Lemma fps_mul1l (g : fps) : fps_mul fps_one g = g.
Proof.
  apply functional_extensionality; intro n; unfold fps_mul.
  rewrite Csum_recl, Csum_eq0, Nat.sub_0_r; [simpl; cx_ring|].
  intros; simpl; cx_ring.
Qed.

Lemma fps_mul_scalel c (a b : fps) : fps_mul (fps_scale c a) b = fps_scale c (fps_mul a b).
Proof.
  apply functional_extensionality; intro n; unfold fps_mul, fps_scale.
  rewrite <- Csum_mul_l; apply Csum_ext; intros; cx_ring.
Qed.

Lemma fps_mul_scaler c (a b : fps) : fps_mul a (fps_scale c b) = fps_scale c (fps_mul a b).
Proof.
  apply functional_extensionality; intro n; unfold fps_mul, fps_scale.
  rewrite <- Csum_mul_l; apply Csum_ext; intros; cx_ring.
Qed.

Lemma fps_mul_shiftl (a b : fps) n : a O = C0 ->
  fps_mul a b (S n) = fps_mul (fun i => a (S i)) b n.
Proof. intros Ha; unfold fps_mul; rewrite Csum_recl, Ha; simpl; cx_ring. Qed.

Lemma fps_mul_shiftr (a b : fps) n : b O = C0 ->
  fps_mul a b (S n) = fps_mul a (fun i => b (S i)) n.
Proof.
  intros Hb; unfold fps_mul.
  change (Csum ?f (S (S n))) with (Cadd (Csum f (S n)) (f (S n))).
  cbv beta; rewrite Nat.sub_diag, Hb.
  rewrite (Csum_ext _ (fun i => Cmul (a i) (b (S (n - i))))) by
    (intros i Hi; replace (S n - i)%nat with (S (n - i)) by lia; reflexivity).
  cx_ring.
Qed.

Lemma fps_pow_scale c (g : fps) m : fps_pow (fps_scale c g) m = fps_scale (Cpow c m) (fps_pow g m).
Proof.
  induction m; simpl.
  - apply functional_extensionality; intros []; unfold fps_scale; cx_ring.
  - rewrite IHm, fps_mul_scalel, fps_mul_scaler.
    apply functional_extensionality; intro; unfold fps_scale; cx_ring.
Qed.

Lemma fps_pow_coef_small (g : fps) : g O = C0 -> forall m j, (j < m)%nat -> fps_pow g m j = C0.
Proof.
  intros Hg m; induction m as [|m IHm]; intros j Hj; [lia|].
  simpl; unfold fps_mul; apply Csum_eq0; intros [|i] Hi.
  - rewrite Hg; cx_ring.
  - rewrite IHm by lia; cx_ring.
Qed.

Lemma fps_comp_widen a (g : fps) n N : g O = C0 -> (n < N)%nat ->
  fps_comp a g n = Csum (fun m => Cmul (a m) (fps_pow g m n)) N.
Proof.
  intros Hg HN; unfold fps_comp; symmetry; apply Csum_widen; [lia|].
  intros i Hi; rewrite fps_pow_coef_small by (auto; lia); cx_ring.
Qed.

Lemma fps_mul_comp (A : fps) a (g : fps) n : g O = C0 ->
  fps_mul A (fps_comp a g) n = Csum (fun m => Cmul (a m) (fps_mul A (fps_pow g m) n)) (S n).
Proof.
  intros Hg; unfold fps_mul at 1.
  rewrite (Csum_ext _ (fun i => Csum (fun m => Cmul (A i) (Cmul (a m) (fps_pow g m (n - i)%nat))) (S n)))
    by (intros i Hi; rewrite (fps_comp_widen _ _ _ (S n)), <- Csum_mul_l by (auto; lia); reflexivity).
  rewrite Csum_swap; apply Csum_ext; intros m _.
  unfold fps_mul; rewrite <- Csum_mul_l; apply Csum_ext; intros; cx_ring.
Qed.

Definition fps_tderiv (a : fps) : fps := fun n => Cmul (Cof (INR n)) (a n).

(* Coefficients of (1 + rho t) a'(t); note [t^n] a' = fps_tderiv a (S n). *)
Definition deriv1p (rho : R) (a : fps) : fps :=
  fun n => Cadd (fps_tderiv a (S n)) (Cmul (Cof rho) (fps_tderiv a n)).

Lemma fps_tderiv_mul (a b : fps) n :
  fps_tderiv (fps_mul a b) n = Cadd (fps_mul (fps_tderiv a) b n) (fps_mul a (fps_tderiv b) n).
Proof.
  unfold fps_tderiv, fps_mul; rewrite <- Csum_mul_l, <- Csum_add.
  apply Csum_ext; intros i Hi; rewrite (minus_INR n i) by lia; cx_ring.
Qed.

Lemma deriv1p_mul rho (a b : fps) n :
  deriv1p rho (fps_mul a b) n = Cadd (fps_mul (deriv1p rho a) b n) (fps_mul a (deriv1p rho b) n).
Proof.
  unfold deriv1p at 1; rewrite !fps_tderiv_mul.
  rewrite fps_mul_shiftl, fps_mul_shiftr by (unfold fps_tderiv; cx_split; simpl; ring).
  unfold fps_mul, deriv1p; rewrite <- !Csum_add, <- Csum_mul_l, <- Csum_add.
  apply Csum_ext; intros; cx_ring.
Qed.

Lemma deriv1p_one rho n : deriv1p rho fps_one n = C0.
Proof. unfold deriv1p, fps_tderiv; destruct n; cx_split; simpl; ring. Qed.

Lemma deriv1p_log1p rho : deriv1p rho (fps_log1p rho) = fps_scale (Cof rho) fps_one.
Proof.
  apply functional_extensionality; intros n.
  unfold deriv1p, fps_tderiv, fps_log1p, fps_scale; destruct n as [|n].
  - cx_split; simpl; field.
  - assert (INR (S n) <> 0) by (apply not_0_INR; lia).
    assert (INR (S (S n)) <> 0) by (apply not_0_INR; lia).
    cx_split; [cbn [pow]; field | ring]; auto.
Qed.

Lemma deriv1p_log1p_pow rho m :
  deriv1p rho (fps_pow (fps_log1p rho) (S m))
  = fps_scale (Cof (rho * INR (S m))) (fps_pow (fps_log1p rho) m).
Proof.
  induction m as [|m IHm].
  - simpl; rewrite fps_mul1r, deriv1p_log1p.
    apply functional_extensionality; intro; unfold fps_scale; cx_split; simpl; ring.
  - apply functional_extensionality; intro n.
    change (fps_pow ?L (S (S m))) with (fps_mul L (fps_pow L (S m))).
    rewrite deriv1p_mul, deriv1p_log1p, IHm, fps_mul_scalel, fps_mul_scaler, fps_mul1l.
    change (fps_mul ?L (fps_pow ?L m)) with (fps_pow L (S m)).
    unfold fps_scale; rewrite (S_INR (S m)); cx_ring.
Qed.

Definition fps_binom (rho : R) (y : Cx) : fps := fps_comp exp_coeff (fps_scale y (fps_log1p rho)).

Lemma fps_binomE rho y n N : (n < N)%nat ->
  fps_binom rho y n
  = Csum (fun m => Cmul (exp_coeff m) (Cmul (Cpow y m) (fps_pow (fps_log1p rho) m n))) N.
Proof.
  intros HN; unfold fps_binom.
  rewrite (fps_comp_widen _ _ n N) by (auto; unfold fps_scale, fps_log1p; cx_ring).
  apply Csum_ext; intros; rewrite fps_pow_scale; reflexivity.
Qed.

Lemma fps_binom0 rho y : fps_binom rho y O = C1.
Proof. unfold fps_binom, fps_comp, exp_coeff; cx_split; simpl; field. Qed.

Lemma exp_coeff_succ m : Cmul (Cof (INR (S m))) (exp_coeff (S m)) = exp_coeff m.
Proof.
  unfold exp_coeff; pose proof (INR_fact_neq_0 m).
  assert (INR (S m) <> 0) by (apply not_0_INR; lia).
  cx_split; rewrite ?fact_simpl, ?mult_INR; field; auto.
Qed.

Lemma deriv1p_binom rho y :
  deriv1p rho (fps_binom rho y) = fps_scale (Cmul (Cof rho) y) (fps_binom rho y).
Proof.
  apply functional_extensionality; intro n; unfold fps_scale.
  rewrite (fps_binomE rho y n (S n)) by lia.
  transitivity (Csum (fun m => Cmul (exp_coeff m)
                  (Cmul (Cpow y m) (deriv1p rho (fps_pow (fps_log1p rho) m) n))) (S (S n))).
  { unfold deriv1p, fps_tderiv.
    rewrite (fps_binomE rho y (S n) (S (S n))), (fps_binomE rho y n (S (S n))) by lia.
    rewrite <- !Csum_mul_l, <- Csum_add; apply Csum_ext; intros; cx_ring. }
  rewrite Csum_recl, deriv1p_one, <- Csum_mul_l.
  rewrite (Csum_ext _ (fun m => Cmul (Cmul (Cof rho) y)
                                     (Cmul (exp_coeff m) (Cmul (Cpow y m) (fps_pow (fps_log1p rho) m n))))).
  - cx_ring.
  - intros m _; rewrite deriv1p_log1p_pow, <- (exp_coeff_succ m).
    unfold fps_scale; rewrite S_INR; cx_ring.
Qed.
---
=== ABOUT THIS EXERCISE ===
Repeat, word for word, the lines from the start of the records to the line that contains "- rewrite IHm, fps_mul_scalel, fps_mul_scaler.", both of them included, and no others.

=== EXERCISE OUTPUT ===
Lemma fps_mul1l (g : fps) : fps_mul fps_one g = g.
Proof.
  apply functional_extensionality; intro n; unfold fps_mul.
  rewrite Csum_recl, Csum_eq0, Nat.sub_0_r; [simpl; cx_ring|].
  intros; simpl; cx_ring.
Qed.

Lemma fps_mul_scalel c (a b : fps) : fps_mul (fps_scale c a) b = fps_scale c (fps_mul a b).
Proof.
  apply functional_extensionality; intro n; unfold fps_mul, fps_scale.
  rewrite <- Csum_mul_l; apply Csum_ext; intros; cx_ring.
Qed.

Lemma fps_mul_scaler c (a b : fps) : fps_mul a (fps_scale c b) = fps_scale c (fps_mul a b).
Proof.
  apply functional_extensionality; intro n; unfold fps_mul, fps_scale.
  rewrite <- Csum_mul_l; apply Csum_ext; intros; cx_ring.
Qed.

Lemma fps_mul_shiftl (a b : fps) n : a O = C0 ->
  fps_mul a b (S n) = fps_mul (fun i => a (S i)) b n.
Proof. intros Ha; unfold fps_mul; rewrite Csum_recl, Ha; simpl; cx_ring. Qed.

Lemma fps_mul_shiftr (a b : fps) n : b O = C0 ->
  fps_mul a b (S n) = fps_mul a (fun i => b (S i)) n.
Proof.
  intros Hb; unfold fps_mul.
  change (Csum ?f (S (S n))) with (Cadd (Csum f (S n)) (f (S n))).
  cbv beta; rewrite Nat.sub_diag, Hb.
  rewrite (Csum_ext _ (fun i => Cmul (a i) (b (S (n - i))))) by
    (intros i Hi; replace (S n - i)%nat with (S (n - i)) by lia; reflexivity).
  cx_ring.
Qed.

Lemma fps_pow_scale c (g : fps) m : fps_pow (fps_scale c g) m = fps_scale (Cpow c m) (fps_pow g m).
Proof.
  induction m; simpl.
  - apply functional_extensionality; intros []; unfold fps_scale; cx_ring.
  - rewrite IHm, fps_mul_scalel, fps_mul_scaler.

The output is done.